If we let $$G(x) = \sum_{k \geq 0} \frac{F_k}{k!} x^k$$ be the exponential generating function of the Fibonacci numbers, the left hand side has the exponential generating function $G(x) e^x$. If we could express the right-hand side in terms of $G$ then we could just check that the two are equal. However, I can't seem to figure out the right-hand side.

How can I find the exponential generating function of the sequence $\{F_{2n}\}$ without using Binet's formula? (With Binet's formula it is pretty straightforward, but so is the original identity.)

To be clear, the generating function $$\frac{G(x) + G(-x)}{2}$$ does not work. It generates the sequence $\{F_0, 0, F_2, 0, F_4, \cdots\}$, which is not right. I want to generate $\{F_0, F_2, F_4, \cdots\}$.
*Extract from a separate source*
(* Almost surely the following holds. Fix $C>1$ and $z,w\in\mathbb C$, let $\varepsilon\in(0,1/(100C))$, and let $\mathbf x,\mathbf y\in[0,1]^n$ satisfy $\max_{i\in\{1,\dots,n\}}|x_i-y_i|>8e\xi^{-1}C\varepsilon$. If $E^\varepsilon_{\mathbf x}(z,w)\cap G(C)$ occurs, then $E^\varepsilon_{\mathbf y}(z,w)$ does not occur.
   Context: Fix $\gamma\in(0,2)$; let $d_\gamma>2$ be the LQG dimension exponent and $\xi=\gamma/d_\gamma$. Let $h$ be a whole-plane Gaussian free field normalized so that its average over $\partial\mathbb D$ is zero. For $f$ a whole-plane GFF plus a continuous function, $D_f$ denotes the $\gamma$-LQG metric of $f$ (a metric on $\mathbb C$ inducing the Euclidean topology, a length space). Weyl scaling: a.s. for every continuous $g:\mathbb C\to\mathbb R$, $D_{h+g}(z,w)=\inf_P\int_0^{\mathrm{len}(P;D_h)}e^{\xi g(P(t))}\,dt$, the infimum over continuous paths from $z$ to $w$ parametrized by $D_h$-length. A $D_f$-geodesic from $z$ to $w$ is a path $P:[0,D_f(z,w)]\to\mathbb C$ with $P(0)=z$, $P(D_f(z,w))=w$, $D_f(P(s),P(t))=|t-s|$; $\mathcal B_\varepsilon(z;D_f)$ is the open $D_f$-ball. Fix $n\in\mathbb N$ and bounded open sets $U_i,U_i',V_i$ ($i=1,\dots,n$) with $\overline U_i\subset U_i'$, $\overline{U_i'}\subset V_i$, $\overline V_i\cap\overline V_j=\emptyset$ for $i\ne j$, $V_i\cap\partial\mathbb D=\emptyset$. Let $\phi_i:\mathbb C\to[0,1]$ be smooth, identically $1$ on $U_i'$ and $0$ outside $V_i$. For $\mathbf x\in[0,1]^n$ let $h_{\mathbf x}=h+\sum_{i=1}^n x_i\phi_i$. $G(C)$ is the event that $D_h(\partial U_i,\partial U_i')\ge1/C$ for all $i$. $E^\varepsilon_{\mathbf x}(z,w)$ is the event that (1) $\mathcal B_\varepsilon(z;D_{h_{\mathbf x}})$, $\mathcal B_\varepsilon(w;D_{h_{\mathbf x}})$ and $\bigcup_i\overline V_i$ are pairwise disjoint, and (2) there are $D_{h_{\mathbf x}}$-geodesics $P^0,\dots,P^n$, each from a point of $\mathcal B_\varepsilon(z;D_{h_{\mathbf x}})$ to a point of $\mathcal B_\varepsilon(w;D_{h_{\mathbf x}})$, with $P^i\cap U_i\ne\emptyset$ and $P^i\cap\bigcup_{j\ne i}\overline V_j=\emptyset$ for $i\in\{1,\dots,n\}$, and $P^0\cap\bigcup_{j=1}^n\overline V_j=\emptyset$. *)

From Stdlib Require Import Reals Lra.
From Coquelicot Require Import Coquelicot.
Open Scope R_scope.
  • $\begingroup$ Since the OGF and EGF for Fibonacci numbers are essentially equivalent to Binet's formula, you are essentially asking to prove Binet's formula. What would be the point of that? $\endgroup$
    – Somos
    Apr 4, 2019 at 1:32
  • $\begingroup$ @Somos You're right that this is the case for the Fibonacci numbers (and any sequence satisfying a recurrence with constant coefficients). I was hoping that a general trick would exist without reference to Binet, so that it would work for more complicated sequences. $\endgroup$
    – Robert D-B
    Apr 4, 2019 at 1:39
  • 1
    $\begingroup$ In that case, ask that question instead, but I doubt that you could do it for EGF, while OGF case is simple as you probably already know using multi-section of generating function power series.. $\endgroup$
    – Somos
    Apr 4, 2019 at 1:42

1 Answer 1


I do not think EGF's are the way to go here. There is just no nice way to extract the EGF for $F_{2n}$ from that of $F_n$. But here is an OGF solution.
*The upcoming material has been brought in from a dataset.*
(* Let $\mathcal F$ be a normal TDD representing a tensor $\phi$. Applying a reduction rule (RR1, RR2, RR3 or RR4) to $\mathcal F$ does not change the tensor it represents. Moreover, the reduced TDD of $\phi$ can be obtained from $\mathcal F$ by applying the reduction rules until none is applicable.
   Context: Fix a finite index set $I$ with a linear order $\prec$. Indices take values in $\{0,1\}$; a tensor over $I$ is a map $\{0,1\}^I\to\mathbb{C}$ (tensors over subsets of $I$ are regarded as tensors over $I$ not depending on the other indices). Each index $x$ is regarded as the tensor $x(c)=c$, and $\overline{x}(c):=1-c$; operations on tensors are pointwise. A TDD over $I$ is $\mathcal F=(V,E,index,value,low,high,w)$: a rooted directed acyclic graph with finite node set $V$ partitioned into non-terminal nodes $V_N$ and terminal nodes $V_T$, root $r_{\mathcal F}$; $index:V_N\to I$; $value:V_T\to\mathbb{C}$; $low,high:V_N\to V$ (0- and 1-successors); edges are the low-edges $(v,low(v))$ and high-edges $(v,high(v))$, $v\in V_N$, plus a unique source-less incoming edge $e_r$ of the root; $w$ gives each edge a complex weight and $w_{\mathcal F}:=w(e_r)$. Node tensors: $\Phi(v)=value(v)$ for terminal $v$; otherwise $\Phi(v)=w_0\overline{x_v}\Phi(low(v))+w_1x_v\Phi(high(v))$ with $x_v=index(v)$ and $w_0,w_1$ the low-/high-edge weights. The TDD represents $\Phi(\mathcal F):=w_{\mathcal F}\Phi(r_{\mathcal F})$. Normality (w.r.t. $\prec$): the pivot of a tensor $\phi$ is the lexicographically smallest (compare at the $\prec$-smallest differing index, $0<1$) $\vec a$ with $|\phi(\vec a)|=\max_{\vec b}|\phi(\vec b)|$; $\phi$ is normal if $\phi=0$ or $\phi$ equals $1$ at its pivot. A TDD is normal if $\Phi(v)$ is normal for every node $v$. A TDD is reduced if it is normal and (1) $\Phi(v)\neq0$ for every node $v$; (2) all edges of weight $0$ point to the unique terminal node, which has value $1$; (3) $\Phi(u)\neq\Phi(v)$ for any two distinct nodes $u\neq v$. ''The reduced TDD of $\phi$'' means a reduced TDD $\mathcal G$ with $\Phi(\mathcal G)=\phi$ (such TDDs are unique up to isomorphism among $\prec$-ordered ones). Reduction rules. RR1: merge all terminal nodes with value $1$; delete all terminal nodes with value $0$ (if any), redirect their incoming edges to the (unique) terminal node and reset the weights of these edges to $0$. RR2: redirect all weight-$0$ edges to the terminal node; if these include the incoming edge of the root, the terminal node becomes the new root; delete all nodes (and edges involving them) not reachable from the root. RR3: delete a node $v$ if its 0- and 1-successors are identical and its low- and high-edges have the same weight $w$ (either $0$ or $1$), redirecting its incoming edges to the terminal node with value $1$ if $w=0$ and otherwise to its successor. RR4: merge two nodes if they have the same index, the same 0- and 1-successors, and the same weights on the corresponding edges. *)

From mathcomp Require Import all_boot all_order all_algebra.
From mathcomp Require Import reals.
From mathcomp.real_closed Require Import complex.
First, calculate the OGF of the left hand side. \begin{align} \sum_{n\ge 0}x^n\sum_{k=0}^n \binom{n}kF_k &=\sum_{k\ge 0}F_k\sum_{n\ge k} \binom{n}kx^n \\&=\sum_{k\ge 0}F_k\sum_{n\ge k} (-1)^{n-k}\binom{-k-1}{n-k}x^n \\&=\sum_{k\ge 0}F_kx^k\sum_{n\ge k} \binom{-k-1}{n-k}(-x)^{n-k} \\&=\sum_{k\ge 0}F_kx^k\sum_{n\ge 0} \binom{-k-1}{n}(-x)^{n} \\&=\sum_{k\ge 0}F_kx^k(1-x)^{-k-1} \\&=(1-x)^{-1}\sum_{k\ge 0}F_k\times \left(\frac{x}{1-x}\right)^k \end{align} Now, recalling that the generating function for the Fibonacci numbers is $f(z):=\sum_{k\ge 0} F_kz^k=\frac{z}{1-z-z^2}$, this is equal to $$ \sum_{n\ge 0}x^n\left(\sum_{k=0}^n \binom{n}kF_k\right)=(1-x)^{-1}\cdot \frac{\left(\frac{x}{1-x}\right)}{1-\left(\frac{x}{1-x}\right)-\left(\frac{x}{1-x}\right)^2}. $$ You can then verify this is the same thing as $\frac{F(\sqrt{x})+F(-\sqrt{x})}2$, the OGF for $F_{2n}$.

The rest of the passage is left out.